As a Cloud Machine Learning Engineer, you will play a critical role in ensuring customers have the best experience moving to the Google Cloud Machine Learning (ML) suite of products. You will design and implement machine learning solutions for customer use cases, leveraging core Google products including TensorFlow, DataFlow, and CloudML Engine.
You will work with customers to identify opportunities to apply ML in their business, and will travel to customer sites to deploy solutions and deliver workshops designed to educate and empower customers to realize the full potential of Google Cloud. You will have access to Google’s incredible technology to monitor application performance, debug and troubleshoot product code, and address customer and partner needs.
The Google Cloud Platform team helps customers transform and evolve their business through the use of Google’s global network, web-scale data centers and software infrastructure. As part of an entrepreneurial team in this rapidly growing business, you will help shape the future of businesses of all sizes use technology to connect with customers, employees and partners.
- Act as a trusted technical advisor to customers and solve complex Machine Learning challenges.
- Create and deliver best practices recommendations, tutorials, blog articles, sample code, and technical presentations adapting to different levels of key business and technical stakeholders.

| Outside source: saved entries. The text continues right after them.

Lemma le_of_right_bound (h : R -> R) (x0 d C : R) : continuity_pt h x0 -> 0 < d ->
  (forall e, x0 < e < x0 + d -> h e <= C) -> h x0 <= C.
Proof.
  intros Hc Hd Hb. destruct (Rle_or_lt (h x0) C) as [|Hgt]; [assumption|exfalso].
  destruct (Hc (h x0 - C)) as [al [Hal Hnear]]; [lra|].
  set (e := x0 + Rmin (al / 2) (d / 2)).
  assert (He : x0 < e /\ e - x0 <= al / 2 /\ e - x0 <= d / 2).
  { unfold e. pose proof (Rmin_l (al / 2) (d / 2)). pose proof (Rmin_r (al / 2) (d / 2)).
    pose proof (Rmin_pos (al / 2) (d / 2) ltac:(lra) ltac:(lra)). lra. }
  specialize (Hnear e). simpl in Hnear. unfold R_dist, D_x, no_cond in Hnear.
  assert (Hclose : Rabs (h e - h x0) < h x0 - C).
  { apply Hnear. split; [split; [exact I | lra] | rewrite Rabs_right; lra]. }
  apply Rabs_def2 in Hclose. specialize (Hb e ltac:(lra)). lra.
Qed.

Lemma nondecreasing_of_deriv (f f' : R -> R) (s t : R) : s <= t ->
  (forall c, s <= c <= t -> is_derive f c (f' c)) ->
  (forall c, s < c < t -> 0 <= f' c) -> f s <= f t.
Proof.
  intros Hst Hd Hpos. destruct (Rle_lt_or_eq_dec s t Hst) as [Hlt|<-]; [|lra].
  destruct (mvt f f' s t Hlt Hd) as [c [Hc Heq]].
  specialize (Hpos c Hc). nra.
Qed.

Lemma nonincreasing_of_deriv (f f' : R -> R) (s t : R) : s <= t ->
  (forall c, s <= c <= t -> is_derive f c (f' c)) ->
  (forall c, s < c < t -> f' c <= 0) -> f t <= f s.
Proof.
  intros Hst Hd Hneg. destruct (Rle_lt_or_eq_dec s t Hst) as [Hlt|<-]; [|lra].
  destruct (mvt f f' s t Hlt Hd) as [c [Hc Heq]].
  specialize (Hneg c Hc). nra.
Qed.

Lemma positive_after_zero (f f' : R -> R) (d : R) :
  (forall t, 0 <= t <= d -> is_derive f t (f' t)) -> 0 <= f 0 ->
  (forall t, 0 < t <= d -> 0 < f' t) -> forall t, 0 < t <= d -> 0 < f t.
Proof.
  intros Hd H0 Hpos t Ht.
  destruct (mvt f f' 0 t) as [c [Hc Heq]]; [lra | intros; apply Hd; lra |].
  specialize (Hpos c ltac:(lra)). nra.
Qed.

(** Otherwise [f'] would be negative
    somewhere in (0, s) (as [f] decreased from [f 0]) but positive somewhere in
    (s, t) (as [f] rose again). *)
Lemma negative_persists (f f' : R -> R) (T : R) :
  (forall t, 0 <= t < T -> is_derive f t (f' t)) -> 0 <= f 0 ->
  (forall s t, 0 < s < t -> t < T -> f' s < 0 -> f' t < 0) ->
  forall s t, 0 < s < t -> t < T -> f s < 0 -> f t < 0.
Proof.
  intros Hd H0 Hpers s t Hst HtT Hs.
  destruct (Rlt_or_le (f t) 0) as [|Ht]; [assumption | exfalso].
  destruct (mvt f f' 0 s) as [c0 [Hc0 E0]]; [lra | intros; apply Hd; lra |].
  destruct (mvt f f' s t) as [c [Hc E]]; [lra | intros; apply Hd; lra |].
  assert (Hc0neg : f' c0 < 0) by nra.
  assert (Hcneg : f' c < 0) by (apply (Hpers c0 c); lra).
  nra.
Qed.

Lemma ln_le_iff (u v : R) : 0 < u -> 0 < v -> (ln u <= ln v <-> u <= v).
Proof.
  intros Hu Hv. split; intros H.
  - destruct (Rle_or_lt u v) as [|Hlt]; [assumption|].
    pose proof (ln_increasing v u Hv Hlt). lra.
  - apply ln_le; assumption.
Qed.

Lemma cos_ge_quadratic t : -PI/2 <= t <= PI/2 -> 1 - t^2/2 <= cos t.
Proof.
  intros Ht. destruct (cos_bound t 0) as [Hlow _]; [lra | lra |].
  replace (1 - t^2/2) with (cos_approx t (2*0+1)); [assumption|].
  unfold cos_approx, cos_term. simpl. field.
Qed.

Lemma cos_between_0_1 t : 0 < t < PI/2 -> 0 < cos t < 1.
Proof.
  intros Ht. pose proof PI_RGT_0.
  pose proof (sin_gt_0 t ltac:(lra) ltac:(lra)). pose proof (sin2_cos2 t).
  pose proof (cos_gt_0 t ltac:(lra) ltac:(lra)). unfold Rsqr in *. split; nra.
Qed.

(** [t cot t] is strictly decreasing on (0, π/2), written without division:
    its derivative is [(sin t cos t - t) / sin² t < 0] since [sin 2t < 2t]. *)
Lemma tcot_decreasing s t : 0 < s < t -> t < PI/2 ->
  t * cos t * sin s < s * cos s * sin t.
Proof.
  intros Hst Ht. pose proof PI_RGT_0.
  assert (Hsin : forall u, 0 < u <= t -> 0 < sin u) by (intros; apply sin_gt_0; lra).
  destruct (mvt (fun u => u * cos u / sin u) (fun u => (sin u * cos u - u) / (sin u)^2) s t)
    as [c [Hc Heq]]; [lra | |].
  - intros c Hc. pose proof (Hsin c ltac:(lra)). auto_derive; [lra|].
    pose proof (sin2_cos2 c). unfold Rsqr in *. field_simplify_eq; [nra | lra].
  - pose proof (Hsin c ltac:(lra)). pose proof (Hsin s ltac:(lra)). pose proof (Hsin t ltac:(lra)).
    assert (Hdouble : sin c * cos c < c) by (pose proof (sin_lt_x (2*c) ltac:(lra)); rewrite sin_2a in *; lra).
    assert (Hslope : (sin c * cos c - c) / (sin c)^2 < 0) by (apply Rdiv_neg_pos; nra).
    assert (Hdec : t * cos t / sin t < s * cos s / sin s) by nra.
    apply (Rmult_lt_compat_r (sin s * sin t)) in Hdec; [|nra].
    field_simplify in Hdec; lra.
Qed.

Definition g (a b t : R) : R := sin t - t * (a + b + (a - b) * cos t).
Definition dg (a b t : R) : R := cos t - (a + b) - (a - b) * (cos t - t * sin t).
Definition ddg (a b t : R) : R := (a - b) * t * cos t - (1 - 2 * (a - b)) * sin t.

Lemma g_deriv a b t : is_derive (g a b) t (dg a b t).
Proof. unfold g, dg. auto_derive; [exact I | ring]. Qed.

Lemma dg_deriv a b t : is_derive (dg a b) t (ddg a b t).
Proof. unfold dg, ddg. auto_derive; [exact I | ring]. Qed.

(** Sign pattern of [g] on (0, π/2), for [k = a - b]: positive near 0 when
    [1/3 < k < 1/2], and once negative it stays negative.  Both facts are
    obtained for [ddg = k t cos t - (1-2k) sin t] and lifted through
    [dg 0 = 1 - 2a >= 0] and [g 0 = 0]. *)
Section SignOfG.
Variables a b : R.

- Travel up to 30% of the time.
- Communicate effectively via video conferencing for meetings, technical reviews and onsite delivery activities.
- BA/BS degree in Computer Science, Mathematics or related technical field, or equivalent practical experience.
- Experience building machine learning solutions.
- Experience writing software in one or more languages such as Python, Scala, R and/or similar. Experience working with data structures, algorithms and software design.
- Experience working with technical customers.
- Experience working with recommendation engines, data pipelines and/or distributed machine learning.
- Experience with deep learning frameworks (such as l, Torch, Caffe, Theano, etc).
- Experience in technical consulting.
- Knowledge of data warehousing concepts, including data warehouse technical architectures, infrastructure components, ETL/ELT and reporting/analytic tools and environments (such as Apache Beam, Hadoop, Spark, Pig, Hive, MapReduce, Flume).